◆ Activity
Where does the string "GRing" appear? Copy every line of the entries below that holds it.

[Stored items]
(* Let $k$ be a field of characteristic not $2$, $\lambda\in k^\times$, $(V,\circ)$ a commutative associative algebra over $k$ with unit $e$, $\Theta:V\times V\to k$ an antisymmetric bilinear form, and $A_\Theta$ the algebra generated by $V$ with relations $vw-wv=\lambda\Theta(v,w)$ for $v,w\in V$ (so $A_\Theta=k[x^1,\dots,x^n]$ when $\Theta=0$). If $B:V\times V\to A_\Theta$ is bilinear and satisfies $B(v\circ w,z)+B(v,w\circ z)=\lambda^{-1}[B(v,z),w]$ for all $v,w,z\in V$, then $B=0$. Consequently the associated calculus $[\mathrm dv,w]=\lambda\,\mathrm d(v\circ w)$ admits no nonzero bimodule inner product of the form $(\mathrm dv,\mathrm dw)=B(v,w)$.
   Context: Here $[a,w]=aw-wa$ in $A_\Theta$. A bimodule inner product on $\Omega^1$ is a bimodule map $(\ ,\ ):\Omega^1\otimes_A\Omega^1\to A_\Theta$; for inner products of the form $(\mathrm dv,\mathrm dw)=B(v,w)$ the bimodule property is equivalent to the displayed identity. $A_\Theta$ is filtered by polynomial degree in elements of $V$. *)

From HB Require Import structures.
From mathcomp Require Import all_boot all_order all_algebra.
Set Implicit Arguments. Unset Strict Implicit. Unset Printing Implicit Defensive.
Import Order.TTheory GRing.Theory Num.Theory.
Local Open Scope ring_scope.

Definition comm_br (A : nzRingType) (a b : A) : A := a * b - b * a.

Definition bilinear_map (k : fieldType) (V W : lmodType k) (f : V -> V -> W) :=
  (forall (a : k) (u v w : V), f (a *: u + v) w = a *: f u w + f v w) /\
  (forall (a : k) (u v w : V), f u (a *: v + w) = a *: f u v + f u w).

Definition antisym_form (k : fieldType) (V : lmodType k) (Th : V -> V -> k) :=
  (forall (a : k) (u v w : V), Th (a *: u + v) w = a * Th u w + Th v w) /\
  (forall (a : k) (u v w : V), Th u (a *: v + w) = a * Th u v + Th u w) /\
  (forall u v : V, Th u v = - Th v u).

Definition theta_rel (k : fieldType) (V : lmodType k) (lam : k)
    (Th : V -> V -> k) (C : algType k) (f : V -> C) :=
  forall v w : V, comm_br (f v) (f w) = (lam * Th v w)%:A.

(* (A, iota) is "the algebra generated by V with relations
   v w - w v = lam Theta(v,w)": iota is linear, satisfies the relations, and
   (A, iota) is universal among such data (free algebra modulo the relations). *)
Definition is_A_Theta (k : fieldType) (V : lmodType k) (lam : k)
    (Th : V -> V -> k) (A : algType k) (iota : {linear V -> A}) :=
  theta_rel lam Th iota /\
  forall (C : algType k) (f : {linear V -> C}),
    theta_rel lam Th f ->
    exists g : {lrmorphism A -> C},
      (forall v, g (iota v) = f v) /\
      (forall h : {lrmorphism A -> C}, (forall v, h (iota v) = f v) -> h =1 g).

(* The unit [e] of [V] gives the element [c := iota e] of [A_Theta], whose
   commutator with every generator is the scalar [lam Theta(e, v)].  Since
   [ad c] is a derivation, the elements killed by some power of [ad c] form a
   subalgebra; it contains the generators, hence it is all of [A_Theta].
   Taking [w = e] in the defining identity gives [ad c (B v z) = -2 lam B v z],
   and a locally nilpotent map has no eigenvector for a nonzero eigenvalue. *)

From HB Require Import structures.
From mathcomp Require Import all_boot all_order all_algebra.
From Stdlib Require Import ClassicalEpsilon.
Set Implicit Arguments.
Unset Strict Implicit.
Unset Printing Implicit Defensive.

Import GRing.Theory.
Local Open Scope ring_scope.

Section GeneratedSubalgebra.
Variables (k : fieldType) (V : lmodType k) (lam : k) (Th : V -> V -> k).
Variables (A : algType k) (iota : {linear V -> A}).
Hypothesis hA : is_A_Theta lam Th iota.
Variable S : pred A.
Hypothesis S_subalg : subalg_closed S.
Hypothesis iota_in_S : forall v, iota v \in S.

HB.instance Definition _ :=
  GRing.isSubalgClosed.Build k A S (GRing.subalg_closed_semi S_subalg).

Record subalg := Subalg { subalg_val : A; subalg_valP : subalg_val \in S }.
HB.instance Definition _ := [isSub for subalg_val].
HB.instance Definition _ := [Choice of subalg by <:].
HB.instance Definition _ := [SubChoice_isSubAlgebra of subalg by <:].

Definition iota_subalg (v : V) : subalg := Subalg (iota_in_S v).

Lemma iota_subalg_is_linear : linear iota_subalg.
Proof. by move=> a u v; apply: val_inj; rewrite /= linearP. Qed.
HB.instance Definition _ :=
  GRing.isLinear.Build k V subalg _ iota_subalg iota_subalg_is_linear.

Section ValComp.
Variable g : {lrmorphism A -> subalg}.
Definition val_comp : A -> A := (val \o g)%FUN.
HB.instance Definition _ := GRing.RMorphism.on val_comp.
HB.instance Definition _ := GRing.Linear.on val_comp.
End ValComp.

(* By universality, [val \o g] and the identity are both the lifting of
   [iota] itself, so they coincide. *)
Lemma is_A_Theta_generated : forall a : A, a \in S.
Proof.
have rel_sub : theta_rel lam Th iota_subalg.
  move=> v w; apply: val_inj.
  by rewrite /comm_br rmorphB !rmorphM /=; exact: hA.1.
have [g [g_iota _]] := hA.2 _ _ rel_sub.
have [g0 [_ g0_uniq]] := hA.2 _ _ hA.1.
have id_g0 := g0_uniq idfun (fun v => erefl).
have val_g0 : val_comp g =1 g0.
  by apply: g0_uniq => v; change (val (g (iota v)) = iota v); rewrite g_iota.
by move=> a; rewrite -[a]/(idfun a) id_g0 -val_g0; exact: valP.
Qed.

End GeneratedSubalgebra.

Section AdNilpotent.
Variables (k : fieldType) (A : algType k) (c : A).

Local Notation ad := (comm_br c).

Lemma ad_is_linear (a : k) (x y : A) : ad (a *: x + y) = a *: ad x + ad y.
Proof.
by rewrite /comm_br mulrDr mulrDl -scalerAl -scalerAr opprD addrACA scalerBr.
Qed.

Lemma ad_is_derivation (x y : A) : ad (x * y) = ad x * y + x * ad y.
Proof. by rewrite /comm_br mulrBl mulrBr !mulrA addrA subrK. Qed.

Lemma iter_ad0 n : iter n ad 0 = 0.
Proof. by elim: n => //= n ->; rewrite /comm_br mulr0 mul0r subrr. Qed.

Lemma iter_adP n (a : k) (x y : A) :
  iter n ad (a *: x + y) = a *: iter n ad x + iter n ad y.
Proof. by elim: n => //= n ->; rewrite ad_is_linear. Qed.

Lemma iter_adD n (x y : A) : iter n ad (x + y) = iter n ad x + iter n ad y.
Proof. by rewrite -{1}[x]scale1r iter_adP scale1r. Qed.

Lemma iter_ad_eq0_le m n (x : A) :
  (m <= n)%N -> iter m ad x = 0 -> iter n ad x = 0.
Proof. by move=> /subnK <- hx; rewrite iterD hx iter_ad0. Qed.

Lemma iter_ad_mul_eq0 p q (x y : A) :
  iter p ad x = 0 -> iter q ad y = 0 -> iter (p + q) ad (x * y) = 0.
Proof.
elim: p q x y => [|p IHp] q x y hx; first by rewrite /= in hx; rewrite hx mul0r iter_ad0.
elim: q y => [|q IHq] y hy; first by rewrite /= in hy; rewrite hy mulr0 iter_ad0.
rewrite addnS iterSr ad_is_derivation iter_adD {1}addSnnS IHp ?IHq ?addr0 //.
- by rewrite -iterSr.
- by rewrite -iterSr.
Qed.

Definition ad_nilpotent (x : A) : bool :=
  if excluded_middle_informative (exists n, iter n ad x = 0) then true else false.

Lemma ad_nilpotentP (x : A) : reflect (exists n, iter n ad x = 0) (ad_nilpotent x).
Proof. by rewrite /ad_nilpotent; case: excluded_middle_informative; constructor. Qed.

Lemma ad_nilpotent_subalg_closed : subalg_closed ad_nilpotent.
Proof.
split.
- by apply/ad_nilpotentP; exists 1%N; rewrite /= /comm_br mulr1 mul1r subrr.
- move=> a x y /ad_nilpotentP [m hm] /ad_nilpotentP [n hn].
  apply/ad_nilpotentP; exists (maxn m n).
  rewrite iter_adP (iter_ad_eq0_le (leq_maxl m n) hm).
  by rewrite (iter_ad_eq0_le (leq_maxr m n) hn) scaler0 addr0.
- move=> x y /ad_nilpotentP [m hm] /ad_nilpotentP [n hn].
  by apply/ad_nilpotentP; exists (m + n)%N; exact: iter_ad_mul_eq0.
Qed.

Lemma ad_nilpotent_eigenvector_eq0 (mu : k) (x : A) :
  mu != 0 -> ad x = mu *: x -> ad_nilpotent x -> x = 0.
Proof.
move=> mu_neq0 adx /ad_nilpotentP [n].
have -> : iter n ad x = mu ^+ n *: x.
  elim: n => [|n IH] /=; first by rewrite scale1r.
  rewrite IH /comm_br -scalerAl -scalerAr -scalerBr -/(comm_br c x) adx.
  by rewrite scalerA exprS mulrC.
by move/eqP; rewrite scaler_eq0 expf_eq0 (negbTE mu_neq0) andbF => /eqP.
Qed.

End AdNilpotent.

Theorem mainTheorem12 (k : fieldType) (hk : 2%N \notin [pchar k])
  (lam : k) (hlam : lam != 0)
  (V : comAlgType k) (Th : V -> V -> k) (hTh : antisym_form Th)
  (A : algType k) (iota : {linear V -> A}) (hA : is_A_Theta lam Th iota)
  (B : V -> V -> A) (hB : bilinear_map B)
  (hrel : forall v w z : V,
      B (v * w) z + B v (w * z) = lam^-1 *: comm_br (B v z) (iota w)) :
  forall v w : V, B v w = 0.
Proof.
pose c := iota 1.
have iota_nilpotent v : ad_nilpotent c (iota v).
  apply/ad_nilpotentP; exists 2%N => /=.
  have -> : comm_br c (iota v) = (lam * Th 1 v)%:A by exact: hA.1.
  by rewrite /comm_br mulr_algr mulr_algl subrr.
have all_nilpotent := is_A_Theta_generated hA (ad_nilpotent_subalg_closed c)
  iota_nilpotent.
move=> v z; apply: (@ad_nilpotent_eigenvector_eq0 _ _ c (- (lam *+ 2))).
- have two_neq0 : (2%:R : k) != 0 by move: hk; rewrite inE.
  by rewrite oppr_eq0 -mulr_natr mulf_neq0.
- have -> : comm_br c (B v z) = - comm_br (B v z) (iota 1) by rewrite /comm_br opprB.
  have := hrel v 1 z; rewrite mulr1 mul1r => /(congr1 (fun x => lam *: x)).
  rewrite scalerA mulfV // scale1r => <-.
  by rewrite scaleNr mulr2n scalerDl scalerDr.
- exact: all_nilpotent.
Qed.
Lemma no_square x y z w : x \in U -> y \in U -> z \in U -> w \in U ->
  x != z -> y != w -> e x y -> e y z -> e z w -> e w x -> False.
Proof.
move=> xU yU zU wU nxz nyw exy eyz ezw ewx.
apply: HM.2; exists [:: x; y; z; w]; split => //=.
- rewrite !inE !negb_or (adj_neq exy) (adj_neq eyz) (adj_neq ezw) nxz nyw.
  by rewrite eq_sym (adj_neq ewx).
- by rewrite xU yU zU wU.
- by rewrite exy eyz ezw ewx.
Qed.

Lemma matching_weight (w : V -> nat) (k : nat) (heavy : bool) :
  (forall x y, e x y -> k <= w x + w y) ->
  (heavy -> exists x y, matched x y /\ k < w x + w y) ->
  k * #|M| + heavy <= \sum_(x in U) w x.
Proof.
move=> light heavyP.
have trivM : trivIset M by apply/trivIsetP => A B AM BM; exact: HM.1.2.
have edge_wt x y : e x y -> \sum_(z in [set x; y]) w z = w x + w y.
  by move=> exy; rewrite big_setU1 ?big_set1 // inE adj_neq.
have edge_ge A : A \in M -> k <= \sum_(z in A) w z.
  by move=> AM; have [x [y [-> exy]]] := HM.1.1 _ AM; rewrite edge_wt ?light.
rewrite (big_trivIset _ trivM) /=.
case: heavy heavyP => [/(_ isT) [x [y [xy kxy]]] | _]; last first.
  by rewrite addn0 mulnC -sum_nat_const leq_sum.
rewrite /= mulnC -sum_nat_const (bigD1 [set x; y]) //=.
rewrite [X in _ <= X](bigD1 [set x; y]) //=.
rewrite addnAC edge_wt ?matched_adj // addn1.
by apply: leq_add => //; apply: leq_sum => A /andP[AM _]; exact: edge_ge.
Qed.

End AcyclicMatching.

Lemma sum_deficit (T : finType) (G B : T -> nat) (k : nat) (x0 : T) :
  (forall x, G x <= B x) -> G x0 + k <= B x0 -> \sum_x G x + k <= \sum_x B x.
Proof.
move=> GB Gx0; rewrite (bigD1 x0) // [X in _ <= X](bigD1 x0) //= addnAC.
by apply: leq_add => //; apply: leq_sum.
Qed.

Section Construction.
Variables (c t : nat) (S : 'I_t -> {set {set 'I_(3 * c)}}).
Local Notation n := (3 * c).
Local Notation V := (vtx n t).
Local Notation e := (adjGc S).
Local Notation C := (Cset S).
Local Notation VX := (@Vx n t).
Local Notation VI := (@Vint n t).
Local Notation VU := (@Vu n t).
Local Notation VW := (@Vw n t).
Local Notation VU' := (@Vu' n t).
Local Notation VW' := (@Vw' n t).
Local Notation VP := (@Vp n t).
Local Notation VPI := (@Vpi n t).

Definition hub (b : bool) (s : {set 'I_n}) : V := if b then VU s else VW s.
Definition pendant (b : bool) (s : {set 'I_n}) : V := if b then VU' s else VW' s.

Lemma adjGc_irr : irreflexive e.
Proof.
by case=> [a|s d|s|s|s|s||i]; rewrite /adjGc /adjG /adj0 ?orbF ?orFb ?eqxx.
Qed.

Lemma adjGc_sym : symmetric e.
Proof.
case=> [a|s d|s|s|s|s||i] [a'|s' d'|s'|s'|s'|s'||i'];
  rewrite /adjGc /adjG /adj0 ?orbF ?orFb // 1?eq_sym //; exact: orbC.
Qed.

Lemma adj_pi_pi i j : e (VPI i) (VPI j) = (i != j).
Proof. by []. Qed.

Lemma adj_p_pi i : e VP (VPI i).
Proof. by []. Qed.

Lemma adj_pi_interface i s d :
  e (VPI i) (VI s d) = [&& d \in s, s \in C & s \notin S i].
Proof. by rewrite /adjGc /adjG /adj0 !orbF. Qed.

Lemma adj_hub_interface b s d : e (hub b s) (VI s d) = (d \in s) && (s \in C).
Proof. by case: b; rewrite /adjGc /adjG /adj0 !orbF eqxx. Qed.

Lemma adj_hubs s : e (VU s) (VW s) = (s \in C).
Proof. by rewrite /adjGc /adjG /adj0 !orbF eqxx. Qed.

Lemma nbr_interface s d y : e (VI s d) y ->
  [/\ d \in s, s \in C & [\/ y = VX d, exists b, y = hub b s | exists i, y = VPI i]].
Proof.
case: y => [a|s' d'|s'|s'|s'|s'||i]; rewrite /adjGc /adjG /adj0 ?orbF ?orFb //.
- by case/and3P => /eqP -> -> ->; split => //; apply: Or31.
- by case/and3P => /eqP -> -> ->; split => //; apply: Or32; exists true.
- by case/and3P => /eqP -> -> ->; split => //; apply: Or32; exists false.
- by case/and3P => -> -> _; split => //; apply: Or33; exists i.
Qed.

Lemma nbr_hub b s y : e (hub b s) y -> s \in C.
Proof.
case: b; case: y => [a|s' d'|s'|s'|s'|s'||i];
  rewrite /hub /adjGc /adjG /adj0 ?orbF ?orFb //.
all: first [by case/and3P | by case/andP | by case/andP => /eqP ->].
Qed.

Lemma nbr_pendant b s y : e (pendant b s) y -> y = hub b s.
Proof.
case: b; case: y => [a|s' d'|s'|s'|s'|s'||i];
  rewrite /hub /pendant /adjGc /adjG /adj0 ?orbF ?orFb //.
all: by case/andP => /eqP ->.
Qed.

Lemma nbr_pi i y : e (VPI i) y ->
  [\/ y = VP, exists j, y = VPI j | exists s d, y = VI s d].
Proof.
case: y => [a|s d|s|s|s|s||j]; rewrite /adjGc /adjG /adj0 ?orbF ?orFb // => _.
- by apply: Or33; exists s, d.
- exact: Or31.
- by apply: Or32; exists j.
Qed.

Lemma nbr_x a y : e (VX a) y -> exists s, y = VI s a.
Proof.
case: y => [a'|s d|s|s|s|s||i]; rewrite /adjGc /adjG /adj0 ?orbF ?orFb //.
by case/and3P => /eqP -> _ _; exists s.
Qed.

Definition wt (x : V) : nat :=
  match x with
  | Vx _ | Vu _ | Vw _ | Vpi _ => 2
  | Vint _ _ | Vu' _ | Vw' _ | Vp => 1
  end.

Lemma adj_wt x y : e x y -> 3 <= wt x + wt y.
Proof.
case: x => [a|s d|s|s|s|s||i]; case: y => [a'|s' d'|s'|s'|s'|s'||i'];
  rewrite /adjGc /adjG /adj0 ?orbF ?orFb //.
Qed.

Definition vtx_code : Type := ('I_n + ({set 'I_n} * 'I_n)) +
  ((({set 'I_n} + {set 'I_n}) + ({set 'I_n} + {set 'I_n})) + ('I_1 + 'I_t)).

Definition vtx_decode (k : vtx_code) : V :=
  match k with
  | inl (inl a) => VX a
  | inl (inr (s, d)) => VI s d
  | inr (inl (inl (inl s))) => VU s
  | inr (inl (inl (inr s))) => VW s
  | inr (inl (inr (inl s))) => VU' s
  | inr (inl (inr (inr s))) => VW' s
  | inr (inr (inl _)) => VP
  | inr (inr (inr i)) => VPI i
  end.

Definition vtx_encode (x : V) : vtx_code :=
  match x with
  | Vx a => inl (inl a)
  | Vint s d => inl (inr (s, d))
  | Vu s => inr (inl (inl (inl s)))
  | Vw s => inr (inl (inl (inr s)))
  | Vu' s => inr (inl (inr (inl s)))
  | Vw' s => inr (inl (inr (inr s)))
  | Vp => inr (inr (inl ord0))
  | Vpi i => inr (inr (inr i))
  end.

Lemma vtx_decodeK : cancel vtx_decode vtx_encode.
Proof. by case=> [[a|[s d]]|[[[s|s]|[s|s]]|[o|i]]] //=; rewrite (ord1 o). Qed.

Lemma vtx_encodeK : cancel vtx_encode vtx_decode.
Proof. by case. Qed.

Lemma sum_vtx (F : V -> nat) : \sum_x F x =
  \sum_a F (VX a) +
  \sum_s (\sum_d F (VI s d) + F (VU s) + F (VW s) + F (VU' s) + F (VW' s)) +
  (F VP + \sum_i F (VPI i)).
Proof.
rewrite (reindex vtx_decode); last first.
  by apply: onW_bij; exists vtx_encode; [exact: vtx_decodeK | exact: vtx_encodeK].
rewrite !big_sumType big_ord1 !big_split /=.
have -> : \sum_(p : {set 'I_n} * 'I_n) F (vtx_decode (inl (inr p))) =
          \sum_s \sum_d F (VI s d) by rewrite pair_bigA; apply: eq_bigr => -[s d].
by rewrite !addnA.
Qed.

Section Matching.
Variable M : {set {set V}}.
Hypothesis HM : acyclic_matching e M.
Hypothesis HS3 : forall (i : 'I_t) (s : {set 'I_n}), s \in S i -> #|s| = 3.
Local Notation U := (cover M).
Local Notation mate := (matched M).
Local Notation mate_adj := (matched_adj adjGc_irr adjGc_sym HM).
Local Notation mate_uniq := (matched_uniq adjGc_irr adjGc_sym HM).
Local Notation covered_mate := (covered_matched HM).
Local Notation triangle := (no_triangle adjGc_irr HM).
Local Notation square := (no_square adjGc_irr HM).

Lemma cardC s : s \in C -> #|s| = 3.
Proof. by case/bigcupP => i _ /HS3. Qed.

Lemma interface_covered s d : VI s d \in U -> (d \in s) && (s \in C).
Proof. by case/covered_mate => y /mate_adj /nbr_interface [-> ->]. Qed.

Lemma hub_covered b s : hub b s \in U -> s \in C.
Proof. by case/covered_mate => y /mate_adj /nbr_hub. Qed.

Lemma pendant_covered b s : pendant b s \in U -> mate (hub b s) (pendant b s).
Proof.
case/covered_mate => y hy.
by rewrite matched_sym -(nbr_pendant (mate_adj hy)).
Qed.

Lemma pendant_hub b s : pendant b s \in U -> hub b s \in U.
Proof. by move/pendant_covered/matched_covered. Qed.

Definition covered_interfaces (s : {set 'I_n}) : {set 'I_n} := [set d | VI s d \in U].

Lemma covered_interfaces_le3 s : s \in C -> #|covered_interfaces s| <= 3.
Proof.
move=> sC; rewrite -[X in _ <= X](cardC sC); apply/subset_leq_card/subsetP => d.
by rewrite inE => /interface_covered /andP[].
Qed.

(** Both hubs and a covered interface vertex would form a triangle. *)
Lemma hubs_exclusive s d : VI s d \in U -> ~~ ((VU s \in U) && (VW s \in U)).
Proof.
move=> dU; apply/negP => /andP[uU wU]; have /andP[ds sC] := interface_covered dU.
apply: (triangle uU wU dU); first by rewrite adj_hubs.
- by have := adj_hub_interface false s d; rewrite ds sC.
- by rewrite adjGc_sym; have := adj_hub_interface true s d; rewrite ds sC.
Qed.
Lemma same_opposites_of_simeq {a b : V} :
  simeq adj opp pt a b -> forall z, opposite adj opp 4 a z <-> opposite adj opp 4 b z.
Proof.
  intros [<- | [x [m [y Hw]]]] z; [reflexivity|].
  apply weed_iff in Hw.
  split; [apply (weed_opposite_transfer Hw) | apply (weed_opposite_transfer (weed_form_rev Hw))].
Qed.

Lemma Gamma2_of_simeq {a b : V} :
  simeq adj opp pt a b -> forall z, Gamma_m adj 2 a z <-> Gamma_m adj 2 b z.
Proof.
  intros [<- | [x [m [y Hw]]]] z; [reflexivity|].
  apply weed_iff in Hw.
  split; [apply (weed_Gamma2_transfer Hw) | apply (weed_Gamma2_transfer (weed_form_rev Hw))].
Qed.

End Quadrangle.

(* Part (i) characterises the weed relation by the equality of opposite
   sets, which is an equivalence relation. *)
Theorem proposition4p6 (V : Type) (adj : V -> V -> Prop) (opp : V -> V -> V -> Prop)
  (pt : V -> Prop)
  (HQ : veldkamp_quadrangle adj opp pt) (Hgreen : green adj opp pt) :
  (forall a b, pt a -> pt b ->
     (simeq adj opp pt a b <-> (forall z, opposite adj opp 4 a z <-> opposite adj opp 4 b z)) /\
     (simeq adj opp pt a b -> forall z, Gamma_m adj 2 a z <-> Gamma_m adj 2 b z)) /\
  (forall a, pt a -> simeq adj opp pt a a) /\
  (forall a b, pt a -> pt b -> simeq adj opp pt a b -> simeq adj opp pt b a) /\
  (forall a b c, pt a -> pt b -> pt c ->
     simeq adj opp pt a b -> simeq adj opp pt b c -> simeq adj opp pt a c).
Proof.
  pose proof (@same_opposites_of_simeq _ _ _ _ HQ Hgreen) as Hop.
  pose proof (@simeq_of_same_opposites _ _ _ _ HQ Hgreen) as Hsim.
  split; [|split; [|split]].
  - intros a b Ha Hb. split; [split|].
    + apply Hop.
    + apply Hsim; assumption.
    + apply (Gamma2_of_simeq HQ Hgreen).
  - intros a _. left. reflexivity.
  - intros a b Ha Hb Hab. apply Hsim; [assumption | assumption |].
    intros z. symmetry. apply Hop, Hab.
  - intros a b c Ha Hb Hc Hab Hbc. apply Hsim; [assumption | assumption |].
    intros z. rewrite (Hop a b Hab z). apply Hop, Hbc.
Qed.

◆ Your response
Import Order.TTheory GRing.Theory Num.Theory.
Import GRing.Theory.
  GRing.isSubalgClosed.Build k A S (GRing.subalg_closed_semi S_subalg).
  GRing.isLinear.Build k V subalg _ iota_subalg iota_subalg_is_linear.
HB.instance Definition _ := GRing.RMorphism.on val_comp.
HB.instance Definition _ := GRing.Linear.on val_comp.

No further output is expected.